What Still Has To Happen Before This Residue Becomes Accessible Value
This is where the February 2026 immediate report matters. On February 9, 2026, the project received the excavation and shoring permit. That is real progress, because it closes one milestone without which the project cannot move cleanly from land and planning into execution. The May 2025 financing agreement ties that directly to the next step: the construction and full-lending stage is conditional, among other things, on equity injection, pre-sales, and receipt of the excavation and shoring permit.
But even after that milestone, the project is not de-risked. At the end of 2025, the project-level balance presented as short-term loans stood at NIS 265.1 million, and the total financing package was defined at up to NIS 1.042 billion, including NIS 340 million for the land stage, up to NIS 350 million for the construction stage, and NIS 1.04 billion of buyer-guarantee facilities. The company also committed to obtain a full building permit by June 30, 2026, to keep equity of at least NIS 70 million, to maintain an equity-to-balance-sheet ratio of at least 11%, and to keep tangible equity positive. At the same time, the project table still showed no construction contractor agreements.
The meaning is straightforward. The excavation and shoring permit closed one box, not all the boxes. What remained in Netanya after the 25% sale was a project with meaningful value on paper, but also with a checklist that still had to be completed: full building permit, construction contractor, full project lending, sales pace, and equity funding. That is the real difference between an asset partially monetized and value already accessible.
Demand That Also Came From Inside
This continuation would be incomplete without pausing on the related-party disclosure. The company disclosed that in August 2023 several apartment purchases in the Netanya project were approved for related parties.

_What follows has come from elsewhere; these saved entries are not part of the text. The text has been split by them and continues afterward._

Lemma ex_RInt_slice t a b : ex_RInt (fun x => psi x t) a b.
Proof.
  apply (ex_RInt_continuous (V := R_CompleteNormedModule)); intros x _.
  apply continuous_along; [apply continuous_id | apply continuous_const].
Qed.

Lemma continuous_RInt_slice_diff (u v : R -> R) t0 :
  continuous u t0 -> continuous v t0 ->
  continuous (fun t => RInt (fun x => psi x t) (u t) (v t)
                       - RInt (fun x => psi x t0) (u t) (v t)) t0.
Proof.
  intros Hu Hv. apply filterlim_locally. intros eps.
  set (L0 := Rmin (u t0) (v t0) - 1). set (L1 := Rmax (u t0) (v t0) + 1).
  assert (HL : 2 <= L1 - L0).
  { unfold L0, L1. pose proof (Rmin_l (u t0) (v t0)). pose proof (Rmax_l (u t0) (v t0)). lra. }
  assert (He : 0 < eps / (2 * (L1 - L0))) by (apply Rdiv_lt_0_compat; [apply cond_pos | lra]).
  destruct (uniform_continuity_2d psi L0 L1 (t0 - 1) (t0 + 1) (fun x t _ _ => psi_cont x t)
              (mkposreal _ He)) as [d Hd].
  assert (Hd1 : 0 < Rmin d 1) by (apply Rmin_pos; [apply cond_pos | lra]).
  assert (Hu1 : locally t0 (fun t => Rabs (u t - u t0) < 1))
    by exact (Hu _ (locally_ball (u t0) (mkposreal 1 Rlt_0_1))).
  assert (Hv1 : locally t0 (fun t => Rabs (v t - v t0) < 1))
    by exact (Hv _ (locally_ball (v t0) (mkposreal 1 Rlt_0_1))).
  assert (Ht1 : locally t0 (fun t => Rabs (t - t0) < Rmin d 1))
    by exact (locally_ball t0 (mkposreal _ Hd1)).
  generalize (filter_and _ _ (filter_and _ _ Hu1 Hv1) Ht1).
  apply filter_imp. intros t [[Hut Hvt] Ht].
  change (Rabs (RInt (fun x => psi x t) (u t) (v t) - RInt (fun x => psi x t0) (u t) (v t)
                - (RInt (fun x => psi x t0) (u t0) (v t0) - RInt (fun x => psi x t0) (u t0) (v t0)))
          < eps).
  rewrite Rminus_diag, Rminus_0_r.
  pose proof (Rmin_l d 1). pose proof (Rmin_r d 1).
  assert (Htd : Rabs (t - t0) < d) by lra.
  apply Rabs_def2 in Hut, Hvt, Ht.
  pose proof (Rmin_l (u t0) (v t0)). pose proof (Rmin_r (u t0) (v t0)).
  pose proof (Rmax_l (u t0) (v t0)). pose proof (Rmax_r (u t0) (v t0)).
  pose proof (Rmin_l (u t) (v t)). pose proof (Rmin_r (u t) (v t)).
  pose proof (Rmax_l (u t) (v t)). pose proof (Rmax_r (u t) (v t)).
  assert (Hbox : L0 <= Rmin (u t) (v t) /\ Rmax (u t) (v t) <= L1)
    by (split; [apply Rmin_glb | apply Rmax_lub]; unfold L0, L1; lra).
  eapply Rle_lt_trans; [apply RInt_dist_le; try apply ex_RInt_slice |].
  - intros x Hx. left. apply (Hd x t0 x t); try lra.
    rewrite Rminus_diag, Rabs_R0. apply cond_pos.
  - assert (Rabs (v t - u t) <= L1 - L0) by (apply Rabs_le; lra).
    apply Rle_lt_trans with ((L1 - L0) * (eps / (2 * (L1 - L0)))).
    + apply Rmult_le_compat_r; lra.
    + pose proof (cond_pos eps). replace ((L1 - L0) * (eps / (2 * (L1 - L0)))) with (eps / 2)
        by (field; lra). lra.
Qed.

| Related buyer | Units | Consideration incl. VAT (NIS millions) |
|---|---|---|
| Yoel Yifrah, controlling shareholder and chief business officer | 1 | 14.043 |
| Gilad Yifrah, company CEO | 1 | 10.310 |
| Itzik Turgeman, chairman | 1 | 5.270 |
| Daughters of the controlling shareholder | 2 | 7.816 |
| Father of the CEO’s partner | 1 | 5.330 |
| Total | 6 | 42.769 |
That table is not meant to argue that the transactions are invalid. It does mean that part of the early sales book also came from inside the circle. In a project that still had 119 apartments and all the retail space left to market at the end of 2025, and that signed only 8 new contracts during 2025, that point belongs in the reader’s frame. Open-market demand still needs broader proof.
Bottom Line
After the 25% sale, Netanya remained a central asset for Gilad Mai. The company still holds 75% of a large project, with most of the apartments still ahead and with expected withdrawable surplus that looks highly material on a project basis. But what remained is not the same Netanya that existed before the sale. Only a small part of the consideration arrived in cash, expected profitability has eroded, revenue from the project itself is still absent from the income statement, marketing control moved to the partner, and the path to accessible value still runs through permits, lending, and execution.
That is the point. Netanya can still become a major value engine. But after the 25% sale, what remained with the company was not an opened cash drawer. It was most of a project that still has to prove three things at once: that marketing truly accelerates, that permits close on time, and that paper value actually rises to the listed entity rather than staying trapped inside the project tables.